South Korea Is Newest Member of Free-Trade Club
After nearly a year of negotiations, the United States and South Korea hammered out a free-trade agreement on April 1 that could boost trade between the two countries by as much as $20 billion a year.
“The United States–Korea Free Trade Agreement [KORUS FTA] will provide U.S. farmers, ranchers, manufacturers and service providers exciting new market opportunities in a growing, dynamic country,” said U.S. Trade Representative Susan Schwab in a statement.
The agreement must be approved by the U.S. Congress and the Korean National Assembly, which might not be an easy task.
Two years ago, the House of Representatives barely approved the Dominican Republic– Central American Free Trade Agreement, which squeaked by with a 217–215 vote. The Senate approved the free-trade pact on a 54–45 vote.
This is the most economically significant free-trade agreement established since the North American Free Trade Agreement went into effect in 1994 between Canada, Mexico and the United States. South Korea is the world’s 10th-largest economy, and its gross domestic product totals nearly $1 trillion. Two-way trade between the two countries was $78 billion in 2006, making South Korea the nation’s eighth-largest trading partner.
Nearly 95 percent of trade between the two countries will become duty-free within three years, with almost all remaining tariffs eliminated within 10 years.
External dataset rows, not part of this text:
(* Let $n>3$ be an integer and let $L(n)$ be the graph defined in the context below. Then $L(n)$ is a vertex-transitive integral graph, and the set of distinct eigenvalues of $L(n)$ is exactly $\{-2,-1,0,n-2,n-1\}$.
   Context: Let $[n]=\{1,2,\dots,n\}$. Let $H(n)$ be the graph whose vertex set is $\{v : v\subseteq [n],\ |v|\in\{1,2\}\}$, where two vertices $v,w$ are adjacent if and only if $v\subset w$ or $w\subset v$ (equivalently, $H(n)$ is the subgraph of the hypercube $Q_n$ induced by the vertices of weight $1$ and $2$). Let $L(n)$ be the line graph of $H(n)$: its vertices are the edges $\{\{i\},\{i,j\}\}$ of $H(n)$ (with $i\neq j$ in $[n]$), denoted $[i,ij]$, and two such vertices are adjacent iff, as edges of $H(n)$, they share exactly one endpoint. The eigenvalues of a graph are the eigenvalues of its adjacency matrix; a graph is integral if all its eigenvalues are integers; a graph is vertex-transitive if its automorphism group acts transitively on its vertex set. *)

From HB Require Import structures.
From mathcomp Require Import all_boot all_order all_fingroup all_algebra all_field.
Set Implicit Arguments. Unset Strict Implicit. Unset Printing Implicit Defensive.
Import Order.TTheory GRing.Theory Num.Theory.

(* Vertices of H(n): subsets of [n] (here 'I_n) of size 1 or 2.
   Edges of H(n) are pairs {{i},{i,j}} with i <> j.  A vertex [i,ij] of L(n)
   is encoded by the ordered pair (i,j) with i != j. *)
Definition Lvert (n : nat) := {p : 'I_n * 'I_n | p.1 != p.2}.

Definition Hedge (n : nat) (v : Lvert n) : {set {set 'I_n}} :=
  [set [set (val v).1]; [set (val v).1; (val v).2]].

Definition Ladj (n : nat) : rel (Lvert n) :=
  fun v w => #|Hedge v :&: Hedge w| == 1%N.

Definition adjmx (T : finType) (e : rel T) : 'M[algC]_#|T| :=
  \matrix_(i, j) ((e (enum_val i) (enum_val j))%:R)%R.

Definition graph_eigenvalue (T : finType) (e : rel T) (a : algC) : Prop :=
  eigenvalue (adjmx e) a.

Definition integral_graph (T : finType) (e : rel T) : Prop :=
  forall a, graph_eigenvalue e a -> a \is a Num.int.

Definition graph_aut (T : finType) (e : rel T) (f : {perm T}) : Prop :=
  forall x y, e (f x) (f y) = e x y.

Definition vertex_transitive (T : finType) (e : rel T) : Prop :=
  forall u v : T, exists f : {perm T}, graph_aut e f /\ f u = v.

From HB Require Import structures.
From mathcomp Require Import all_boot all_order all_fingroup all_algebra all_field.
From mathcomp Require Import ring.
Set Implicit Arguments.
Unset Strict Implicit.
Unset Printing Implicit Defensive.

Import Order.TTheory GRing.Theory Num.Theory.
Local Open Scope ring_scope.

(* An eigenvector of L(n) is a function f on ordered pairs (i, j), i <> j, and
   the eigen-equation reads (a + 1) f(i,j) = S_i + f(j,i), where S_i is the sum
   of the i-th row of f.  Using it at (i,j) and (j,i) gives
   a (a + 2) f(i,j) = (a + 1) S_i + S_j, while summing it over rows and columns
   yields (a + 1 - n)(a + 1)(a + 2 - n) S_i = 0; hence a is a root of
   a (a + 1) (a + 2) (a + 2 - n) (a + 1 - n).  Conversely, for n >= 4 two
   disjointly supported zero-sum vectors u, w give explicit eigenfunctions
   (u_i w_j - w_i u_j, u_j, u_i w_j + w_i u_j, (n - 1) u_i + u_j and 1) for the
   five roots.  Vertex transitivity comes from Sym(n) acting on ordered pairs. *)

Lemma card_set2I (T : finType) (a b : T) (B : {set T}) : a != b ->
  #|[set a; b] :&: B| = ((a \in B) + (b \in B))%N.
Proof.
move=> ab; transitivity #|[seq x <- [:: a; b] | x \in B]|.
  by apply: eq_card => x; rewrite !inE mem_filter !inE andbC.
have U : uniq [seq x <- [:: a; b] | x \in B].
  by rewrite filter_uniq //= inE ab.
by move/card_uniqP: U => ->; rewrite size_filter /= addn0.
Qed.

Lemma set1_eq_set2 (T : finType) (i k l : T) :
  k != l -> ([set i] == [set k; l]) = false.
Proof.
move=> kl; apply: contraNF kl => /eqP E.
by have := cards2 k l; rewrite -E cards1; case: eqP.
Qed.

Lemma set2_eq_set2 (T : finType) (i j k l : T) : i != j -> k != l ->
  ([set i; j] == [set k; l]) = ((i == k) && (j == l)) || ((i == l) && (j == k)).
Proof.
move=> ij kl; apply/idP/idP; last first.
  by case/orP=> /andP[/eqP-> /eqP->]; rewrite // setUC.
move/eqP/setP=> E; move: (esym (E i)) (esym (E j)) (E k).
rewrite !inE !eqxx ?orbT /=.
by do 3![case/orP=> /eqP ?]; subst; rewrite ?eqxx ?orbT // in ij kl *.
Qed.

Lemma LadjE n (v w : Lvert n) : Ladj v w =
  ((val v).1 == (val w).1) && ((val v).2 != (val w).2) ||
  ((val v).1 == (val w).2) && ((val v).2 == (val w).1).
Proof.
case: v w => [[i j] /= ij] [[k l] /= kl].
rewrite /Ladj /Hedge /= card_set2I ?set1_eq_set2 // !inE set2_eq_set2 //.
rewrite (inj_eq set1_inj) [[set i; j] == _]eq_sym !set1_eq_set2 //=.
case: (eqVneq i k) kl => [<- il|_ _] /=; last by case: (_ && _).
by rewrite (negbTE il); case: (j == l).
Qed.

Lemma perm_pair_transitive (T : finType) (a b c d : T) : a != b -> c != d ->
  exists s : {perm T}, s a = c /\ s b = d.
Proof.
move=> ab cd; pose s1 := tperm a c.
have s1a : s1 a = c by rewrite tpermL.
have s1b_c : s1 b != c by rewrite -s1a (inj_eq perm_inj) eq_sym.
exists (s1 * tperm (s1 b) d)%g; rewrite !permM s1a tpermL.
by rewrite tpermD // eq_sym.
Qed.

Section PairAction.

Variable n : nat.

Lemma perm_Lvert_subproof (s : {perm 'I_n}) (x : Lvert n) :
  s (val x).1 != s (val x).2.
Proof. by rewrite (inj_eq perm_inj); exact: valP x. Qed.

Definition perm_Lvert_fun (s : {perm 'I_n}) (x : Lvert n) : Lvert n :=
  exist _ (s (val x).1, s (val x).2) (perm_Lvert_subproof s x).

Lemma perm_Lvert_fun_inj s : injective (perm_Lvert_fun s).
Proof.
move=> x y /(congr1 val) [/perm_inj x1y1 /perm_inj x2y2].
exact/val_inj/injective_projections.
Qed.

Definition perm_Lvert s : {perm Lvert n} := perm (@perm_Lvert_fun_inj s).

Lemma perm_Lvert_aut s : graph_aut (@Ladj n) (perm_Lvert s).
Proof. by move=> x y; rewrite !permE !LadjE /= !(inj_eq perm_inj). Qed.

Lemma Ladj_vertex_transitive : vertex_transitive (@Ladj n).
Proof.
move=> [[a b] ab] [[c d] cd].
have [s [sa sb]] := perm_pair_transitive ab cd.
exists (perm_Lvert s); split; first exact: perm_Lvert_aut.
by apply: val_inj; rewrite permE /= sa sb.
Qed.

End PairAction.

Lemma sumr_predC1 (R : zmodType) (I : finType) (i : I) (F : I -> R) :
  \sum_(j | j != i) F j = \sum_j F j - F i.
Proof. by rewrite [X in _ = X - _](bigD1 i) //= addrAC subrr add0r. Qed.

Lemma mul_adjmx (T : finType) (e : rel T) (v : 'rV[algC]_#|T|) (y : T) :
  (v *m adjmx e) 0 (enum_rank y) = \sum_(x | e x y) v 0 (enum_rank x).
Proof.
rewrite mxE (reindex enum_rank) /=; last exact/onW_bij/enum_rank_bij.
rewrite [RHS]big_mkcond; apply: eq_bigr => x _; rewrite mxE !enum_rankK.
by case: (e x y); rewrite ?mulr1 ?mulr0.
Qed.

Lemma sum_Lvert (R : nmodType) n (P : 'I_n -> 'I_n -> bool)
    (F : 'I_n -> 'I_n -> R) :
  \sum_(x : Lvert n | P (val x).1 (val x).2) F (val x).1 (val x).2 =
  \sum_i \sum_(j | (i != j) && P i j) F i j.
Proof.
rewrite pair_big_dep (reindex_omap (val : Lvert n -> _) insub) /=; last first.
  by move=> p /andP[p12 _]; rewrite insubT.
by apply: eq_bigl => x; rewrite valK eqxx andbT (valP x).
Qed.

Lemma sum_Ladj n (F : 'I_n -> 'I_n -> algC) (y : Lvert n) :
  \sum_(x | Ladj x y) F (val x).1 (val x).2 =
  \sum_(k | (k != (val y).1) && (k != (val y).2)) F (val y).1 k
  + F (val y).2 (val y).1.
Proof.
case: y => [[i j] /= ij]; under eq_bigl => x do rewrite LadjE /=.
rewrite (sum_Lvert (fun p q => (p == i) && (q != j) || (p == j) && (q == i))) /=.
rewrite (bigD1 i) //= [X in _ + X](bigD1 j) 1?eq_sym //=.
rewrite [X in _ + (_ + X)]big1 ?addr0 => [|p /andP[/negbTE-> /negbTE->]]; last first.
  by rewrite big_pred0 // => q; rewrite !andbF.
congr (_ + _).
  by apply: eq_bigl => q; rewrite eqxx [j == i]eq_sym (negbTE ij) orbF eq_sym.
apply: big_pred1 => q /=; rewrite eqxx [j == i]eq_sym (negbTE ij) /=.
by apply/andb_idl => /eqP->; rewrite eq_sym.
Qed.

Definition Ladj_eigenfun n (a : algC) (f : 'I_n -> 'I_n -> algC) : Prop :=
  forall i j, i != j -> \sum_(k | (k != i) && (k != j)) f i k + f j i = a * f i j.

Lemma Ladj_eigenvalueP n a : graph_eigenvalue (@Ladj n) a <->
  exists f : 'I_n -> 'I_n -> algC,
    Ladj_eigenfun a f /\ exists i j, i != j /\ f i j != 0.
Proof.
split.
  case/eigenvalueP => v v_eigen v_neq0.
  pose f i j := if insub (i, j) is Some x then v 0 (enum_rank x) else 0.
  have fE (x : Lvert n) : f (val x).1 (val x).2 = v 0 (enum_rank x).
    by rewrite /f -surjective_pairing valK.
  exists f; split.
    move=> i j ij; pose y : Lvert n := exist _ (i, j) ij.
    move/rowP/(_ (enum_rank y)): (v_eigen); rewrite mul_adjmx mxE -(fE y) => <-.
    by rewrite -(sum_Ladj f y); apply: eq_bigr => x _; rewrite fE.
  have /existsP[k vk] : [exists k, v 0 k != 0].
    apply: contraNT v_neq0 => /existsPn v0; apply/eqP/rowP => k.
    by rewrite mxE; exact/eqP/negbNE/v0.
  exists (val (enum_val k)).1, (val (enum_val k)).2.
  by rewrite fE enum_valK (valP (enum_val k)).
case=> f [f_eigen [i [j [ij fij]]]]; apply/eigenvalueP.
exists (\row_k f (val (enum_val k)).1 (val (enum_val k)).2).
  apply/rowP => k; rewrite -[k]enum_valK mul_adjmx !mxE enum_valK.
  rewrite -f_eigen ?(valP (enum_val k)) // -sum_Ladj.
  by apply: eq_bigr => x _; rewrite mxE enum_rankK.
apply: contra_neq fij => /rowP/(_ (enum_rank (exist _ (i, j) ij : Lvert n))).
by rewrite !mxE enum_rankK.
Qed.

Section EigenfunAnnihilator.

Variables (n : nat) (a : algC) (f : 'I_n -> 'I_n -> algC).
Hypothesis f_eigen : Ladj_eigenfun a f.

Let S i := \sum_(k | k != i) f i k.
Let T j := \sum_(k | k != j) f k j.

Lemma eigenfun_shift i j : i != j -> (a + 1) * f i j = S i + f j i.
Proof. by move=> ij; rewrite /S (bigD1 j) 1?eq_sym //= -addrA f_eigen //; ring. Qed.

Lemma col_sumE i : T i = (a + 2 - n%:R) * S i.
Proof.
have : \sum_(j | j != i) (a + 1) * f i j = \sum_(j | j != i) (S i + f j i).
  by apply: eq_bigr => j ji; rewrite eigenfun_shift // eq_sym.
rewrite -mulr_sumr -/(S i) big_split /= -/(T i) sumr_predC1 sumr_const card_ord.
move=> sumE; have -> : T i = (a + 1) * S i - (S i *+ n - S i).
  by rewrite sumE [_ + T i]addrC addrK.
ring.
Qed.

Lemma col_sum_total j : (a + 1) * T j = \sum_i S i.
Proof.
have : \sum_(i | i != j) (a + 1) * f i j = \sum_(i | i != j) (S i + f j i).
  by apply: eq_bigr => i; exact: eigenfun_shift.
by rewrite -mulr_sumr -/(T j) big_split /= -/(S j) sumr_predC1 subrK.
Qed.

Lemma total_sum_annih : (a + 1 - n%:R) * \sum_i S i = 0.
Proof.
have sumT : \sum_j T j = \sum_i S i.
  rewrite (exchange_big_dep xpredT) //=.
  by apply: eq_bigr => i _; apply: eq_bigl => j; rewrite eq_sym.
rewrite mulrBl -{1}sumT mulr_sumr.
under eq_bigr do rewrite col_sum_total.
by rewrite sumr_const card_ord mulr_natl subrr.
Qed.

Lemma row_sum_annih i : (a + 1 - n%:R) * (a + 1) * (a + 2 - n%:R) * S i = 0.
Proof. by rewrite -!mulrA -col_sumE col_sum_total total_sum_annih. Qed.

Lemma eigenfun_annih i j : i != j ->
  \prod_(r <- [:: -2; -1; 0; n%:R - 2; n%:R - 1]) (a - r) * f i j = 0.
Proof.
move=> ij; have swap : a * (a + 2) * f i j = (a + 1) * S i + S j.
  transitivity ((a + 1) * ((a + 1) * f i j) - f i j); first ring.
  by rewrite eigenfun_shift // mulrDr eigenfun_shift 1?eq_sym //; ring.
transitivity ((a + 1 - n%:R) * (a + 1) * (a + 2 - n%:R) * (a * (a + 2) * f i j)).
  by rewrite !big_cons big_nil; ring.
by rewrite swap mulrDr mulrCA !row_sum_annih mulr0 addr0.
Qed.

End EigenfunAnnihilator.

Lemma Ladj_eigenvalue_mem n a : graph_eigenvalue (@Ladj n) a ->
  a \in [:: -2; -1; 0; n%:R - 2; n%:R - 1].
Proof.
case/Ladj_eigenvalueP => f [f_eigen [i [j [ij fij]]]].
have /eqP := eigenfun_annih f_eigen ij; rewrite mulf_eq0 (negbTE fij) orbF.
by rewrite prodf_seq_eq0 => /hasP[r r_in]; rewrite subr_eq0 => /eqP->.
Qed.

Lemma Ladj_eigenvalue_witness n (a : algC) (f : 'I_n -> 'I_n -> algC) i j :
  i != j -> f i j != 0 ->
  (forall i j, i != j -> \sum_k f i k - f i i - f i j + f j i = a * f i j) ->
  graph_eigenvalue (@Ladj n) a.
Proof.
move=> ij fij f_eigen; apply/Ladj_eigenvalueP; exists f; split; last by exists i, j.
move=> k l kl; rewrite -f_eigen // [\sum_m _](bigD1 k) //=.
by rewrite [\sum_(m | m != k) _](bigD1 l) 1?eq_sym //=; ring.
Qed.

Section Witnesses.

Variables (n : nat) (u w : 'I_n -> algC) (i0 i2 : 'I_n).
Hypotheses (u_sum0 : \sum_k u k = 0) (w_sum0 : \sum_k w k = 0).
Hypotheses (uw0 : forall k, u k * w k = 0) (u_i0 : u i0 != 0) (w_i2 : w i2 != 0).

Let w_i0 : w i0 = 0.
Proof. by apply/eqP; have /eqP := uw0 i0; rewrite mulf_eq0 (negbTE u_i0). Qed.

Let u_i2 : u i2 = 0.
Proof. by apply/eqP; have /eqP := uw0 i2; rewrite mulf_eq0 (negbTE w_i2) orbF. Qed.

Let i0_neq_i2 : i0 != i2.
Proof. by apply: contra_neq u_i0 => ->; rewrite u_i2. Qed.

Lemma Ladj_eigenvalue_m2 : graph_eigenvalue (@Ladj n) (-2).
Proof.
pose f i j : algC := u i * w j - w i * u j.
apply: (@Ladj_eigenvalue_witness _ _ f i0 i2 i0_neq_i2).
  by rewrite /f w_i0 u_i2 mul0r subr0 mulf_neq0.
by move=> i j _; rewrite /f sumrB -!mulr_sumr u_sum0 w_sum0 !mulr0; ring.
Qed.

Lemma Ladj_eigenvalue_m1 : graph_eigenvalue (@Ladj n) (-1).
Proof.
apply: (@Ladj_eigenvalue_witness _ _ (fun _ j => u j) i2 i0 _ u_i0).
  by rewrite eq_sym i0_neq_i2.
by move=> i j _; rewrite u_sum0; ring.
Qed.

Lemma Ladj_eigenvalue_0 : graph_eigenvalue (@Ladj n) 0.
Proof.
pose f i j : algC := u i * w j + w i * u j.
apply: (@Ladj_eigenvalue_witness _ _ f i0 i2 i0_neq_i2).
  by rewrite /f w_i0 u_i2 mul0r addr0 mulf_neq0.
move=> i j _; rewrite /f big_split /= -!mulr_sumr u_sum0 w_sum0.
by rewrite [w i * u i]mulrC uw0; ring.
Qed.

Lemma Ladj_eigenvalue_n2 : graph_eigenvalue (@Ladj n) (n%:R - 2).
Proof.
pose f i j : algC := (n%:R - 1) * u i + u j.
apply: (@Ladj_eigenvalue_witness _ _ f i2 i0).
- by rewrite eq_sym i0_neq_i2.
- by rewrite /f u_i2 mulr0 add0r.
- move=> i j _; rewrite /f big_split /= u_sum0 sumr_const card_ord.
  by rewrite -mulr_natl; ring.
Qed.

Lemma Ladj_eigenvalue_n1 : graph_eigenvalue (@Ladj n) (n%:R - 1).
Proof.
apply: (@Ladj_eigenvalue_witness _ _ (fun _ _ => 1) i0 i2 i0_neq_i2 (oner_neq0 _)).
by move=> i j _; rewrite sumr_const card_ord -mulr_natl; ring.
Qed.

End Witnesses.

Lemma Ladj_spectrum n : (3 < n)%N -> forall a, graph_eigenvalue (@Ladj n) a <->
  a \in [:: -2; -1; 0; n%:R - 2; n%:R - 1].
Proof.
move=> n_gt3 a; split; first exact: Ladj_eigenvalue_mem.
pose i0 := @Ordinal n 0 (ltnW (ltnW (ltnW n_gt3))).
pose i1 := @Ordinal n 1 (ltnW (ltnW n_gt3)).
pose i2 := @Ordinal n 2 (ltnW n_gt3).
pose i3 := @Ordinal n 3 n_gt3.
pose e (c k : 'I_n) : algC := (k == c)%:R.
have sum_e c : \sum_k e c k = 1.
  by rewrite (bigD1 c) //= /e eqxx big1 ?addr0 // => k /negbTE->.
pose u k := e i0 k - e i1 k; pose w k := e i2 k - e i3 k.
have u_sum0 : \sum_k u k = 0 by rewrite sumrB !sum_e subrr.
have w_sum0 : \sum_k w k = 0 by rewrite sumrB !sum_e subrr.
have uw0 k : u k * w k = 0.
  by case: k => [[|[|[|[|m]]]] ?]; rewrite /u /w /e -!val_eqE /= ?subrr ?mulr0 ?mul0r.
have u_i0 : u i0 != 0 by rewrite /u /e -!val_eqE /= subr0 oner_neq0.
have w_i2 : w i2 != 0 by rewrite /w /e -!val_eqE /= subr0 oner_neq0.
rewrite !inE => /orP[|/orP[|/orP[|/orP[]]]] /eqP->.
- exact: Ladj_eigenvalue_m2 u_sum0 w_sum0 uw0 u_i0 w_i2.
- exact: Ladj_eigenvalue_m1 u_sum0 uw0 u_i0 w_i2.
- exact: Ladj_eigenvalue_0 u_sum0 w_sum0 uw0 u_i0 w_i2.
- exact: Ladj_eigenvalue_n2 u_sum0 uw0 u_i0 w_i2.
- exact: Ladj_eigenvalue_n1 uw0 u_i0 w_i2.
Qed.

Theorem theorem3p4 (n : nat) (hn : (3 < n)%N) :
  vertex_transitive (@Ladj n) /\ integral_graph (@Ladj n) /\
  (forall a : algC, graph_eigenvalue (@Ladj n) a <->
     a \in [:: -2; -1; 0; n%:R - 2; n%:R - 1]).
Proof.
split; first exact: Ladj_vertex_transitive.
split; last exact: Ladj_spectrum.
move=> a /(Ladj_spectrum hn); rewrite !inE.
case/orP=> [|/orP[|/orP[|/orP[]]]] /eqP->;
  by rewrite ?rpredN ?rpredB ?rpred_nat ?rpred0 ?rpred1.
Qed.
More than $1 billion in U.S. farm exports to Korea will be duty-free immediately.
In apparel, a yarn-forward rule of origin will give apparel products from South Korea preferential access to the U.S. market while helping U.S. fabric and yarn exports to the Asian country. Both countries will be able to impose a special textile safeguard if imports flood the market.
In addition, the United States will exclude South Korea’s major textile export items, such as men’s shirts and women’s jackets from the yarn-forward rule of origin.